Do total de 8.255 quilômetros avaliados – 5.525 nas mãos do setor público e 2.730 com concessionárias –, 48,9% estão em condições ótimas e boas. No ano passado, o índice era de 58,7%, número que abrange estradas federais e estaduais. Foram avaliados pavimento (59,9% de ótimo e bom), sinalização (52,1%) e geometria da via (22,1%).

As rodovias conservadas pelo poder público têm 37,5% de ótimo e bom, contra 72% das administradas por concessionárias. O índice é de 56,5% quando se refere à extensão federal e 31,8% no que diz respeito à estadual.

Há seis pontos considerados críticos (que trazem graves riscos à segurança dos usuários): dois são erosão na pista e quatro são referentes a grandes buracos.

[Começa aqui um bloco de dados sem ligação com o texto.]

Lemma casimir_balanced (x : A) : balanced (casimir x).
Proof.
move=> a; rewrite mulmx_sumr mulmx_suml; apply: eq_bigr => i _.
have expandL s p : lmx a *m tmul (munit i s p) (x * munit i p s) =
    \sum_u phi i a u s *: tmul (munit i u p) (x * munit i p s).
  by rewrite lmx_tmul mul_munit tmul_suml.
have expandR s p : tmul (munit i s p) (x * munit i p s) *m rmx a =
    \sum_u phi i a s u *: tmul (munit i s p) (x * munit i p u).
  rewrite tmul_rmx -mulrA munit_mul mulr_sumr linear_sum.
  by apply: eq_bigr => u _; rewrite -scalerAr linearZ.
rewrite mulmx_sumr mulmx_suml; under eq_bigr do rewrite mulmx_sumr.
under [RHS]eq_bigr do rewrite mulmx_suml.
under eq_bigr do under eq_bigr do rewrite expandL.
under [RHS]eq_bigr do under eq_bigr do rewrite expandR.
exact: exchange_big3.
Qed.

Lemma casimir_is_linear : linear casimir.
Proof.
move=> c x y; rewrite /casimir scaler_sumr -big_split; apply: eq_bigr => i _.
rewrite scaler_sumr -big_split; apply: eq_bigr => s _.
rewrite scaler_sumr -big_split; apply: eq_bigr => p _.
by rewrite mulrDl -scalerAl linearP.
Qed.
HB.instance Definition _ :=
  GRing.isLinear.Build F A (tens A) _ casimir casimir_is_linear.

Definition pivot i : 'I_(n i) := Ordinal (n_gt0 i).

Definition corner_coef i (p q : 'I_(n i)) (S : tens A) : F^o :=
  \sum_k \sum_l S k l * (phi i (e k) (pivot i) p * phi i (e l) q (pivot i)).
Arguments corner_coef : clear implicits.

Lemma corner_coef_is_linear i p q : linear (corner_coef i p q).
Proof.
move=> c S T; rewrite /corner_coef scaler_sumr -big_split.
apply: eq_bigr => k _.
rewrite scaler_sumr -big_split; apply: eq_bigr => l _.
by rewrite !mxE mulrDl -mulrA.
Qed.
HB.instance Definition _ i p q :=
  GRing.isLinear.Build F (tens A) F^o _
  (corner_coef i p q) (@corner_coef_is_linear i p q).

Lemma corner_coef_tmul i p q (x y : A) :
  corner_coef i p q (tmul x y) = phi i x (pivot i) p * phi i y q (pivot i).
Proof.
rewrite {2}(fbasis_expand x) {2}(fbasis_expand y) !linear_sum /= !summxE.
rewrite mulr_suml; apply: eq_bigr => k _.
rewrite mulr_sumr; apply: eq_bigr => l _.
by rewrite !linearZ /= !mxE mulrACA.
Qed.

Lemma corner_mul i (S : tens A) :
  lmx (munit i (pivot i) (pivot i)) *m S *m rmx (munit i (pivot i) (pivot i)) =
  \sum_p \sum_q
    corner_coef i p q S *: tmul (munit i (pivot i) p) (munit i q (pivot i)).
Proof.
rewrite lmx_mul_rmx.
under eq_bigr => k _ do under eq_bigr => l _ do
  rewrite munit_mul mul_munit tmul_sum scaler_sumr.
under eq_bigr => k _ do under eq_bigr => l _ do under eq_bigr => p _ do
  rewrite scaler_sumr.
rewrite exchange_big22; apply: eq_bigr => p _; apply: eq_bigr => q _.
rewrite /corner_coef scaler_suml; apply: eq_bigr => k _.
by rewrite scaler_suml; apply: eq_bigr => l _; rewrite scalerA.
Qed.

Definition uncasimir (T : tens A) : A :=
  \sum_i \sum_q \sum_p corner_coef i p q T *: munit i q p.

Lemma phi_uncasimir i (T : tens A) :
  phi i (uncasimir T) = \matrix_(q, p) corner_coef i p q T.
Proof. exact: phi_sum_munit. Qed.

Lemma balanced_casimir (T : tens A) : balanced T -> T = casimir (uncasimir T).
Proof.
move=> balT; rewrite -[T in LHS]mul1mx -lmx1 sum_munit [in LHS]linear_sum /=.
rewrite mulmx_suml /casimir; apply: eq_bigr => i _.
rewrite [in LHS]linear_sum /= mulmx_suml; apply: eq_bigr => s _.
have sandwich : lmx (munit i s s) *m T =
    lmx (munit i s (pivot i)) *m
    (lmx (munit i (pivot i) (pivot i)) *m T *m
     rmx (munit i (pivot i) (pivot i))) *m
    rmx (munit i (pivot i) s).
  rewrite !mulmxA -lmxM munitM -mulmxA -rmxM munitM -mulmxA -balT.
  by rewrite mulmxA -lmxM munitM.
rewrite [LHS]sandwich corner_mul mulmx_sumr mulmx_suml; apply: eq_bigr => p _.
rewrite [in RHS]mul_munit linear_sum /= mulmx_suml linear_sum.
apply: eq_bigr => q _; rewrite -scalemxAr -scalemxAl lmx_tmul tmul_rmx !munitM.
by rewrite /= linearZ phi_uncasimir mxE.
Qed.

Lemma corner_casimir i p q (x : A) :
  corner_coef i p q (casimir x) = phi i x q p.
Proof.
rewrite /casimir linear_sum /= (bigD1 i) //= [X in _ + X]big1 ?addr0 => [|j ji].
  rewrite linear_sum; under eq_bigr => s _ do rewrite linear_sum.
  under eq_bigr => s _ do under eq_bigr => t _ do rewrite /= corner_coef_tmul
    phi_munit_id phiM phi_munit_id mulmx_deltaE mulrC.
  by rewrite sum_delta_mxE eqxx mulr1.
rewrite linear_sum big1 // => s _; rewrite linear_sum big1 // => t _.
by rewrite /= corner_coef_tmul phi_munit_neq ?mxE ?mul0r // eq_sym.
Qed.

Lemma casimir_inj : injective casimir.
Proof.
move=> x y eq_xy; apply: phi_inj => i; apply/matrixP => q p.
by rewrite -!corner_casimir eq_xy.
Qed.

Lemma balanced_space :
  exists U : {vspace tens A},
    (forall T, T \in U <-> balanced T) /\ \dim U = \dim (fullv : {vspace A}).
Proof.
pose casimirL := linfun casimir; exists (limg casimirL); split=> [T|].
  split=> [/memv_imgP[x _ ->]|/balanced_casimir ->].
    by rewrite lfunE; apply: casimir_balanced.
  by rewrite -lfunE; apply/memv_img/memvf.
apply: limg_dim_eq; have /eqP -> : lker casimirL == 0%VS; last exact: capv0.
by apply/lker0P => x y; rewrite !lfunE; apply: casimir_inj.
Qed.
End Wedderburn.

Theorem corollary9 (F : closedFieldType) (A : falgType F) (r : nat)
    (n : 'I_r -> nat) :
  semisimple A ->
  (forall i, (0 < n i)%N) ->
  (exists phi : (forall i : 'I_r, A -> 'M[F]_(n i)), wedderburn_iso phi) ->
  exists V : {vspace 'Hom(A, tens A)},
    (forall D : 'Hom(A, tens A), D \in V <-> nearly_frobenius D) /\
    \dim V = (\sum_(i < r) n i ^ 2)%N.
Proof.
(* Semisimplicity and algebraic closedness only serve to provide the
   Wedderburn decomposition, which is assumed here. *)
move=> _ n_gt0 [phi phiW].
have [U [balancedU dimU]] := balanced_space phiW n_gt0.
have [V [frobeniusV dimV]] := frobenius_space balancedU.
by exists V; split; last rewrite dimV dimU (dim_wedderburn phiW).
Qed.
(* Let $N\ge 2$ be an integer. For $k\in\mathbb{Z}$ and arguments $(u,v)$ let $C_k(u,v)\in\mathbb{C}[y,z]^N$ be the column vector whose $i$-th entry ($i=1,\dots,N$, counted from the top) is $p_{k+2(N-i)}(u,v)$. Then (a) $\det\big[C_{-N+2}(y,z),C_{-N+3}(y,z),\dots,C_0(y,z),C_1(y,z)\big]=\phi_N(y,z)$; (b) $\det\big[C_{-N+2}(y/q,z),C_{-N+3}(y,z),\dots,C_1(y,z)\big]=\phi_N(y/q,z)$; (c) $\det\big[C_{-N+2}(y,z/q),C_{-N+3}(y,z),\dots,C_1(y,z)\big]=\phi_N(y,z/q)$; (d) $\det\big[C_{-N+3}(y/q,z),C_{-N+3}(y,z),C_{-N+4}(y,z),\dots,C_1(y,z)\big]=(1-q)\frac{y}{q}\,\phi_N(y/q,z)$; (e) $\det\big[C_{-N+3}(y,z/q),C_{-N+3}(y,z),C_{-N+4}(y,z),\dots,C_1(y,z)\big]=(1-q)\frac{z}{q}\,\phi_N(y,z/q)$; (f) $\det\big[C_{-N+3}(y,z/q),C_{-N+3}(y/q,z),C_{-N+4}(y,z),\dots,C_1(y,z)\big]=\frac{1-q}{q}(z-y)\,\phi_N(y/q,z/q)$. In (b),(c) the $j$-th column for $2\le j\le N$ is $C_{-N+j+1}(y,z)$; in (d),(e) likewise for $2\le j\le N$; in (f) the $j$-th column for $3\le j\le N$ is $C_{-N+j+1}(y,z)$.
   Context: $q$ is a fixed nonzero complex constant that is not a root of unity; $y,z$ are variables. For $k\in\mathbb{Z}$ the polynomials $p_k(y,z)$ are defined by the generating function $\sum_{n\ge 0}p_n(y,z)t^n=\frac{(-(1-q)t;q)_\infty}{((1-q)yt;q)_\infty((1-q)zt;q)_\infty}$, with $(a;q)_\infty=\prod_{i\ge0}(1-aq^i)$, and $p_k=0$ for $k<0$; equivalently $p_n(y,z)=(1-q)^n\sum_{a+b+c=n}\frac{y^a z^b q^{c(c-1)/2}}{(q;q)_a(q;q)_b(q;q)_c}$ with $(q;q)_m=\prod_{j=1}^m(1-q^j)$. For $N>0$, $\phi_N(y,z)=\det\big(p_{N-2i+j+1}(y,z)\big)_{i,j=1}^N$. *)

From HB Require Import structures.
From mathcomp Require Import all_boot all_order all_algebra.
From mathcomp Require Import complex reals.
Set Implicit Arguments. Unset Strict Implicit. Unset Printing Implicit Defensive.
Import Order.TTheory GRing.Theory Num.Theory.
Local Open Scope ring_scope.

Definition qpoch (C : fieldType) (q : C) (m : nat) : C :=
  \prod_(1 <= j < m.+1) (1 - q ^+ j).

Definition pn (C : fieldType) (q : C) (n : nat) (y z : C) : C :=
  (1 - q) ^+ n *
  \sum_(a < n.+1) \sum_(b < (n - a).+1)
     (y ^+ a * z ^+ b * q ^+ 'C(n - a - b, 2)
      / (qpoch q a * qpoch q b * qpoch q (n - a - b))).

Definition pk (C : fieldType) (q : C) (k : int) (y z : C) : C :=
  match k with
  | Posz n => pn q n y z
  | Negz _ => 0
  end.

(* phi_N(y,z) = det (p_{N-2i+j+1})_{i,j=1..N}; with 0-based i,j the index is N-2i+j *)
Definition phi (C : fieldType) (q : C) (N : nat) (y z : C) : C :=
  \det (\matrix_(i < N, j < N) pk q (N%:Z - 2 * (i : nat)%:Z + (j : nat)%:Z) y z).

(* C_k(u,v): column vector whose i-th entry (1-based) is p_{k+2(N-i)}(u,v);
   with 0-based i the index is k + 2(N-1-i). *)
Definition Ccol (C : fieldType) (q : C) (N : nat) (k : int) (u v : C) : 'cV[C]_N :=
  \col_(i < N) pk q (k + 2 * (N%:Z - 1 - (i : nat)%:Z)) u v.

Definition mxcols (C : fieldType) (N : nat) (cols : 'I_N -> 'cV[C]_N) : 'M[C]_N :=
  \matrix_(i < N, j < N) cols j i 0.

(* the standard column in position j (0-based): C_{-N+(j+1)+1}(y,z) *)
Definition stdcol (C : fieldType) (q : C) (N : nat) (y z : C) (j : 'I_N) : 'cV[C]_N :=
  Ccol q N ((j : nat)%:Z + 2 - N%:Z) y z.
Arguments stdcol [C] q N y z j.

From HB Require Import structures.
From mathcomp Require Import all_boot all_order all_algebra.
From mathcomp Require Import ring zify.
From mathcomp Require Import complex reals.
(* Both denominators of the generating function satisfy
   1/((1-q)(y/q)t;q)_oo = 1/(1 - (1-q)(y/q)t) * 1/((1-q)yt;q)_oo, whence
   p_k(y,z) = p_k(y/q,z) - (1-q)(y/q) p_{k-1}(y/q,z), and likewise in z.
   The (i,j) entry of the matrix of phi_N(u,v) is p_{r_i + j}(u,v), so
   subtracting (1-q)(y/q) times each column from the next one, a unitriangular
   change of columns, turns the columns at (y/q,z) into columns at (y,z)
   without changing the determinant; this gives (a)-(c).  In (d)-(f) the first
   column of the given matrix is a combination of the first two columns of such
   a transformed matrix, with the stated prefactor as coefficient of the first. *)

Set Implicit Arguments. Unset Strict Implicit. Unset Printing Implicit Defensive.
Import Order.TTheory GRing.Theory Num.Theory.
Local Open Scope ring_scope.

Lemma sum_triangleC (V : nmodType) n (F : nat -> nat -> V) :
  \sum_(a < n.+1) \sum_(b < (n - a).+1) F a b
  = \sum_(a < n.+1) \sum_(b < (n - a).+1) F b a.
Proof.
have triangle (G : nat -> nat -> V) : \sum_(a < n.+1) \sum_(b < (n - a).+1) G a b
    = \sum_(a < n.+1) \sum_(b < n.+1 | (a + b <= n)%N) G a b.
  apply: eq_bigr => a _; rewrite (big_ord_widen n.+1 (G a)) ?ltnS ?leq_subr //.
  by apply: eq_bigl => b; have := ltn_ord a; lia.
rewrite triangle (triangle (fun a b => F b a)) (exchange_big_dep xpredT) //=.
by apply: eq_bigr => b _; apply: eq_bigl => a; rewrite addnC.
Qed.

Section QExponentialCoefficients.
Variables (C : fieldType) (q : C).
Hypothesis q_neq0 : q != 0.
Hypothesis q_not_root1 : forall n : nat, (0 < n)%N -> q ^+ n != 1.

Lemma qpochS n : qpoch q n.+1 = qpoch q n * (1 - q ^+ n.+1).
Proof. by rewrite /qpoch big_nat_recr. Qed.

Lemma qpoch_neq0 n : qpoch q n != 0.
Proof.
elim: n => [|n IH]; first by rewrite /qpoch big_geq ?oner_eq0.
by rewrite qpochS mulf_neq0 // subr_eq0 eq_sym q_not_root1.
Qed.

(* The coefficients of t^n in 1/((1-q)xt;q)_oo and in (-(1-q)t;q)_oo. *)
Definition qexp_coef n x := (1 - q) ^+ n * x ^+ n / qpoch q n.
Definition qExp_coef n := (1 - q) ^+ n * q ^+ 'C(n, 2) / qpoch q n.

Lemma qexp_coef0 x : qexp_coef 0 x = 1.
Proof. by rewrite /qexp_coef /qpoch big_geq // !expr0 divr1 mulr1. Qed.

Lemma qexp_coefS n x :
  qexp_coef n.+1 x = qexp_coef n.+1 (x / q) - (1 - q) * (x / q) * qexp_coef n (x / q).
Proof.
rewrite /qexp_coef qpochS !exprS expr_div_n.
have Qn_neq0 := qpoch_neq0 n.
have Qn1_neq0 : 1 - q * q ^+ n != 0 by rewrite subr_eq0 eq_sym -exprS q_not_root1.
have qn_neq0 : q ^+ n != 0 by rewrite expf_neq0.
by field; rewrite Qn_neq0 Qn1_neq0 qn_neq0 q_neq0.
Qed.

Lemma pn_qexp_conv n y z : pn q n y z
  = \sum_(a < n.+1) qexp_coef a y
      * \sum_(b < (n - a).+1) qexp_coef b z * qExp_coef (n - a - b).
Proof.
rewrite /pn big_distrr; apply: eq_bigr => a _; rewrite !big_distrr; apply: eq_bigr => b _.
have ab : (a + b <= n)%N by have := ltn_ord a; have := ltn_ord b; lia.
have -> : (1 - q) ^+ n = (1 - q) ^+ a * (1 - q) ^+ b * (1 - q) ^+ (n - a - b).
  by rewrite -!exprD; congr (_ ^+ _); lia.
rewrite /qexp_coef /qExp_coef /= !invfM; ring.
Qed.

Lemma sum_qexp_coef_divq (H : nat -> C) n x :
  \sum_(a < n.+2) qexp_coef a x * H (n.+1 - a)%N
  = \sum_(a < n.+2) qexp_coef a (x / q) * H (n.+1 - a)%N
    - (1 - q) * (x / q) * \sum_(a < n.+1) qexp_coef a (x / q) * H (n - a)%N.
Proof.
rewrite big_ord_recl [in RHS]big_ord_recl !qexp_coef0 mulr_sumr -addrA -sumrB; congr (_ + _).
by apply: eq_bigr => a _; rewrite /bump /= subSS qexp_coefS; ring.
Qed.

Lemma pkC (k : int) u v : pk q k u v = pk q k v u.
Proof.
case: k => [n|//] /=; rewrite /pn (sum_triangleC n (fun a b => u ^+ a * v ^+ b
  * q ^+ 'C(n - a - b, 2) / (qpoch q a * qpoch q b * qpoch q (n - a - b)))).
congr (_ * _).
apply: eq_bigr => a _; apply: eq_bigr => b _.
by rewrite subnAC [u ^+ b * _]mulrC [qpoch q b * _]mulrC.
Qed.

Lemma pk_divq_l (k : int) u v :
  pk q k u v = pk q k (u / q) v - (1 - q) * (u / q) * pk q (k - 1) (u / q) v.
Proof.
case: k => [[|n]|m].
- by rewrite /= !pn_qexp_conv !big_ord1 !qexp_coef0 mulr0 subr0.
- rewrite -predn_int //= !pn_qexp_conv.
  exact: (sum_qexp_coef_divq (fun m => \sum_(b < m.+1) qexp_coef b v * qExp_coef (m - b))).
- by rewrite /= mulr0 subr0.
Qed.

Lemma pk_divq_r (k : int) u v :
  pk q k u v = pk q k u (v / q) - (1 - q) * (v / q) * pk q (k - 1) u (v / q).
Proof. by rewrite ![pk q _ u _]pkC pk_divq_l. Qed.

End QExponentialCoefficients.

Section ColumnOperations.
Variable R : comPzRingType.

Lemma det_subr_prev_cols n (F : 'I_n -> nat -> R) a m :
  \det (\matrix_(i, j < n) if (m < j)%N then F i j - a * F i j.-1 else F i j)
  = \det (\matrix_(i, j < n) F i j).
Proof.
set A := \matrix_(i, j) F i j.
pose S : 'M[R]_n := \matrix_(k, j) ((m < j)%N && (k.+1 == j))%:R.
have S_shift i j : \sum_k A i k * S k j = if (m < j)%N then F i j.-1 else 0.
  under eq_bigr do rewrite !mxE.
  case: ifP => mj; last first.
    by rewrite big1 // => k _; rewrite mulr0.
  have j1 : (j.-1 < n)%N by have := ltn_ord j; lia.
  rewrite (bigD1 (Ordinal j1)) //= prednK ?eqxx ?mulr1; last by lia.
  rewrite big1 ?addr0 // => k k_neq /=.
  suff /negbTE-> : k.+1 != j :> nat by rewrite mulr0.
  by apply: contra k_neq => /eqP kj; apply/eqP/val_inj => /=; lia.
have -> : \matrix_(i, j) (if (m < j)%N then F i j - a * F i j.-1 else F i j)
    = A *m (1%:M - a *: S).
  apply/matrixP => i j; rewrite mulmxBr mulmx1 -scalemxAr.
  by rewrite !mxE S_shift; case: ifP; rewrite ?mulr0 ?subr0.
have detU : \det (1%:M - a *: S) = 1.
  rewrite -det_tr det_trig; last first.
    apply/is_trig_mxP => i j ij; rewrite !mxE.
    have [ji jSi] : (j == i :> nat) = false /\ (j.+1 == i) = false by split; lia.
    by rewrite -val_eqE ji jSi andbF mulr0 subr0.
  by rewrite big1 // => i _; rewrite !mxE eqxx eqn_leq ltnn andbF mulr0 subr0.
by rewrite det_mulmx detU mulr1.
Qed.

Lemma det_add_col n (A : 'M[R]_n) j0 k0 c d : k0 != j0 ->
  \det (\matrix_(i, j) if j == j0 then c * A i j0 + d * A i k0 else A i j)
  = c * \det A.
Proof.
move=> k0_neq_j0.
set A0 := \matrix_(i, j) if j == j0 then A i k0 else A i j.
have A0_alt : \det A0 = 0.
  rewrite -det_tr (determinant_alternate k0_neq_j0) // => i.
  by rewrite !mxE eqxx (negbTE k0_neq_j0).
rewrite -det_tr (determinant_multilinear (B := A^T) (C := A0^T) (i0 := j0) (b := c) (c := d)).
- by rewrite !det_tr A0_alt mulr0 addr0.
- by apply/rowP => j; rewrite !mxE eqxx.
- by apply/matrixP => i j; rewrite !mxE eq_sym (negbTE (neq_lift _ _)).
- by apply/matrixP => i j; rewrite !mxE eq_sym (negbTE (neq_lift _ _)).
Qed.

Lemma det_col0_sub N (r : 'I_N -> int) (g f : int -> R) a :
  (forall k, f k = g k - a * g (k - 1)) ->
  \det (\matrix_(i, j < N) if (j : nat) == 0%N then g (r i) else f (r i + (j : nat)%:Z))
  = \det (\matrix_(i, j < N) g (r i + (j : nat)%:Z)).
Proof.
move=> fE; rewrite -(det_subr_prev_cols (fun i (j : nat) => g (r i + j%:Z)) a 0).
congr (\det _); apply/matrixP => i j; rewrite !mxE.
case: j => [[|j] /= _]; first by rewrite addr0.
by rewrite fE; congr (_ - _ * g _); lia.
Qed.

Lemma det_col0_succ n (r : 'I_n.+2 -> int) (g f : int -> R) a :
  (forall k, f k = g k - a * g (k - 1)) ->
  \det (\matrix_(i, j) if (j : nat) == 0%N then g (r i + 1) else f (r i + (j : nat)%:Z))
  = a * \det (\matrix_(i, j) g (r i + (j : nat)%:Z)).
Proof.
move=> fE; rewrite -(det_col0_sub r fE) -(det_add_col _ a 1 (j0 := ord0) (k0 := lift ord0 ord0)) //.
congr (\det _); apply/matrixP => i j; rewrite !mxE.
case: j => [[|j] _] //=.
by rewrite fE /bump /= addrK; ring.
Qed.

Lemma det_col01 n (r : 'I_n.+2 -> int) (e g h f : int -> R) a b :
  (forall k, g k = e k - b * e (k - 1)) ->
  (forall k, f k = g k - a * g (k - 1)) ->
  (forall k, h k = e k - a * e (k - 1)) ->
  \det (\matrix_(i, j) if (j : nat) == 0%N then h (r i + 1)
                       else if (j : nat) == 1%N then g (r i + 1)
                       else f (r i + (j : nat)%:Z))
  = (b - a) * \det (\matrix_(i, j) e (r i + (j : nat)%:Z)).
Proof.
move=> gE fE hE; rewrite -(det_col0_sub r gE).
rewrite -(det_subr_prev_cols (fun i (j : nat) => if j == 0%N then e (r i) else g (r i + j%:Z)) a 1).
rewrite -(det_add_col _ (b - a) 1 (j0 := ord0) (k0 := lift ord0 ord0)) //.
congr (\det _); apply/matrixP => i j; rewrite !mxE.
case: j => [[|[|j]] _] //=.
  by rewrite hE gE /bump /= addrK; ring.
by rewrite fE; congr (g _ - a * g _); lia.
Qed.

End ColumnOperations.

Section PhiColumns.
Variables (C : fieldType) (q : C) (y z : C).

Lemma det_mxcols_stdcol N : \det (mxcols (stdcol q N y z)) = phi q N y z.
Proof. by congr (\det _); apply/matrixP => i j; rewrite !mxE; congr pk; lia. Qed.

Lemma det_mxcols_Ccol0 {N} u v a :
  (forall k, pk q k y z = pk q k u v - a * pk q (k - 1) u v) ->
  \det (mxcols (fun j : 'I_N =>
      if (j : nat) == 0%N then Ccol q N (2 - N%:Z) u v else stdcol q N y z j))
  = phi q N u v.
Proof.
move=> E; rewrite /phi -(det_col0_sub (fun i : 'I_N => N%:Z - 2 * (i : nat)%:Z) E).
by congr (\det _); apply/matrixP => i j; rewrite !mxE; case: ifP => _; rewrite !mxE; congr pk; lia.
Qed.

Lemma det_mxcols_Ccol0_succ {n} u v a :
  (forall k, pk q k y z = pk q k u v - a * pk q (k - 1) u v) ->
  \det (mxcols (fun j : 'I_n.+2 =>
      if (j : nat) == 0%N then Ccol q n.+2 (3 - n.+2%:Z) u v else stdcol q n.+2 y z j))
  = a * phi q n.+2 u v.
Proof.
move=> E; rewrite /phi -(det_col0_succ (fun i : 'I_n.+2 => n.+2%:Z - 2 * (i : nat)%:Z) E).
by congr (\det _); apply/matrixP => i j; rewrite !mxE; case: ifP => _; rewrite !mxE; congr pk; lia.
Qed.

Lemma det_mxcols_Ccol01 {n} y' z' a b :
  (forall k v, pk q k y v = pk q k y' v - a * pk q (k - 1) y' v) ->
  (forall k u, pk q k u z = pk q k u z' - b * pk q (k - 1) u z') ->
  \det (mxcols (fun j : 'I_n.+2 =>
      if (j : nat) == 0%N then Ccol q n.+2 (3 - n.+2%:Z) y z'
      else if (j : nat) == 1%N then Ccol q n.+2 (3 - n.+2%:Z) y' z
      else stdcol q n.+2 y z j))
  = (b - a) * phi q n.+2 y' z'.
Proof.
move=> Ey Ez; rewrite /phi -(det_col01 (fun i : 'I_n.+2 => n.+2%:Z - 2 * (i : nat)%:Z)
  (Ez^~ y') (Ey^~ z) (Ey^~ z')).
congr (\det _); apply/matrixP => i j; rewrite !mxE.
by case: ifP => _; [|case: ifP => _]; rewrite !mxE; congr pk; lia.
Qed.

End PhiColumns.

Theorem lemma1 (R : realType) (q : R[i]) (hq0 : q != 0)
    (hq : forall n : nat, (0 < n)%N -> q ^+ n != 1)
    (N : nat) (hN : (2 <= N)%N) (y z : R[i]) :
  (
   (* (a) *)
   \det (mxcols (stdcol q N y z)) = phi q N y z) /\ (
   (* (b) *)
   \det (mxcols (fun j : 'I_N =>
      if (j : nat) == 0%N then Ccol q N (2 - N%:Z) (y / q) z else stdcol q N y z j))
     = phi q N (y / q) z) /\ (
   (* (c) *)
   \det (mxcols (fun j : 'I_N =>
      if (j : nat) == 0%N then Ccol q N (2 - N%:Z) y (z / q) else stdcol q N y z j))
     = phi q N y (z / q)) /\ (
   (* (d) *)
   \det (mxcols (fun j : 'I_N =>
      if (j : nat) == 0%N then Ccol q N (3 - N%:Z) (y / q) z else stdcol q N y z j))
     = (1 - q) * (y / q) * phi q N (y / q) z) /\ (
   (* (e) *)
   \det (mxcols (fun j : 'I_N =>
      if (j : nat) == 0%N then Ccol q N (3 - N%:Z) y (z / q) else stdcol q N y z j))
     = (1 - q) * (z / q) * phi q N y (z / q)) /\ (
   (* (f) *)
   \det (mxcols (fun j : 'I_N =>
      if (j : nat) == 0%N then Ccol q N (3 - N%:Z) y (z / q)
      else if (j : nat) == 1%N then Ccol q N (3 - N%:Z) (y / q) z
      else stdcol q N y z j))
     = (1 - q) / q * (z - y) * phi q N (y / q) (z / q)).
Proof.
case: N hN => [|[|n]] // _.
have Ey k v := pk_divq_l hq0 hq k y v.
have Ez k u := pk_divq_r hq0 hq k u z.
split; first exact: det_mxcols_stdcol.
split; first exact: det_mxcols_Ccol0 (Ey^~ z).
split; first exact: det_mxcols_Ccol0 (Ez^~ y).
split; first exact: det_mxcols_Ccol0_succ (Ey^~ z).
split; first exact: det_mxcols_Ccol0_succ (Ez^~ y).
rewrite (det_mxcols_Ccol01 Ey Ez); congr (_ * _); ring.
Qed.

O estado geral das rodovias brasileiras também teve piora no último ano. Conforme a pesquisa, 63,8% da extensão avaliada apresenta alguma deficiência no pavimento, na sinalização ou na geometria. Em 2012, o índice havia sido de 62,7%. Também aumentou o número de pontos críticos, que passaram de 221 para 250. De acordo com o estudo, a maior parte da extensão pesquisada (88%) é formada por pistas simples e de mão dupla, e 40,5% do total avaliado não possuem acostamento.

Conforme o presidente da CNT, senador Clésio Andrade, a estatística mostra a necessidade urgente de aumentar os investimentos nas rodovias brasileiras, principalmente em duplicação.

– O governo tem uma dificuldade gerencial. Muitos projetos não saem do papel. Há um excesso de burocracia. Os investimentos precisam ser ampliados de fato para que o Brasil possa melhorar sua competitividade – diz o senador.

Esta é a 17ª edição da Pesquisa CNT de Rodovias, na qual foram avaliados 96.714 quilômetros em 30 dias de coleta em campo. É pesquisada toda a malha federal pavimentada e as principais rodovias estaduais. O órgão estima que as rodovias brasileiras necessitam de R$ 355,2 bilhões em investimentos, mas informa que o governo federal autorizou bem menos: R$ 12,7 bilhões.

Os valores estaduais não foram contabilizados. Cerca de 66% da movimentação de cargas e 90% da movimentação dos passageiros ocorrem pelas rodovias do Brasil.


COMENTÁRIO DO BENGOCHEA - Qual é a razão de existir uma polícia rodoviária? Entre as atribuições de uma polícia rodoviária está o exercício dos "poderes de autoridade de polícia de trânsito, cumprindo e fazendo cumprir a legislação e demais normas pertinentes, inspecionar e fiscalizar o trânsito", e assegurar a livre circulação nas rodovias, "podendo solicitar ao órgão rodoviário a adoção de medidas emergenciais". Assim, podemos afirmar que a razão da existência de uma polícia patrulhando as rodovias não é só multar, mas prover segurança pública aos usuários destas rodovias, sendo que a fiscalização e a aplicação de multas são atribuições inerentes a este objetivo social. Não estarão se omitindo os gestores e policiais rodoviários, estadual ou federal, que permitem a existência de buracos nas vias que podem causar acidentes com perdas de vidas e patrimônios? E a justiça civil e criminal que age com descaso nesta área e permite a cobrança por serviços que não existem?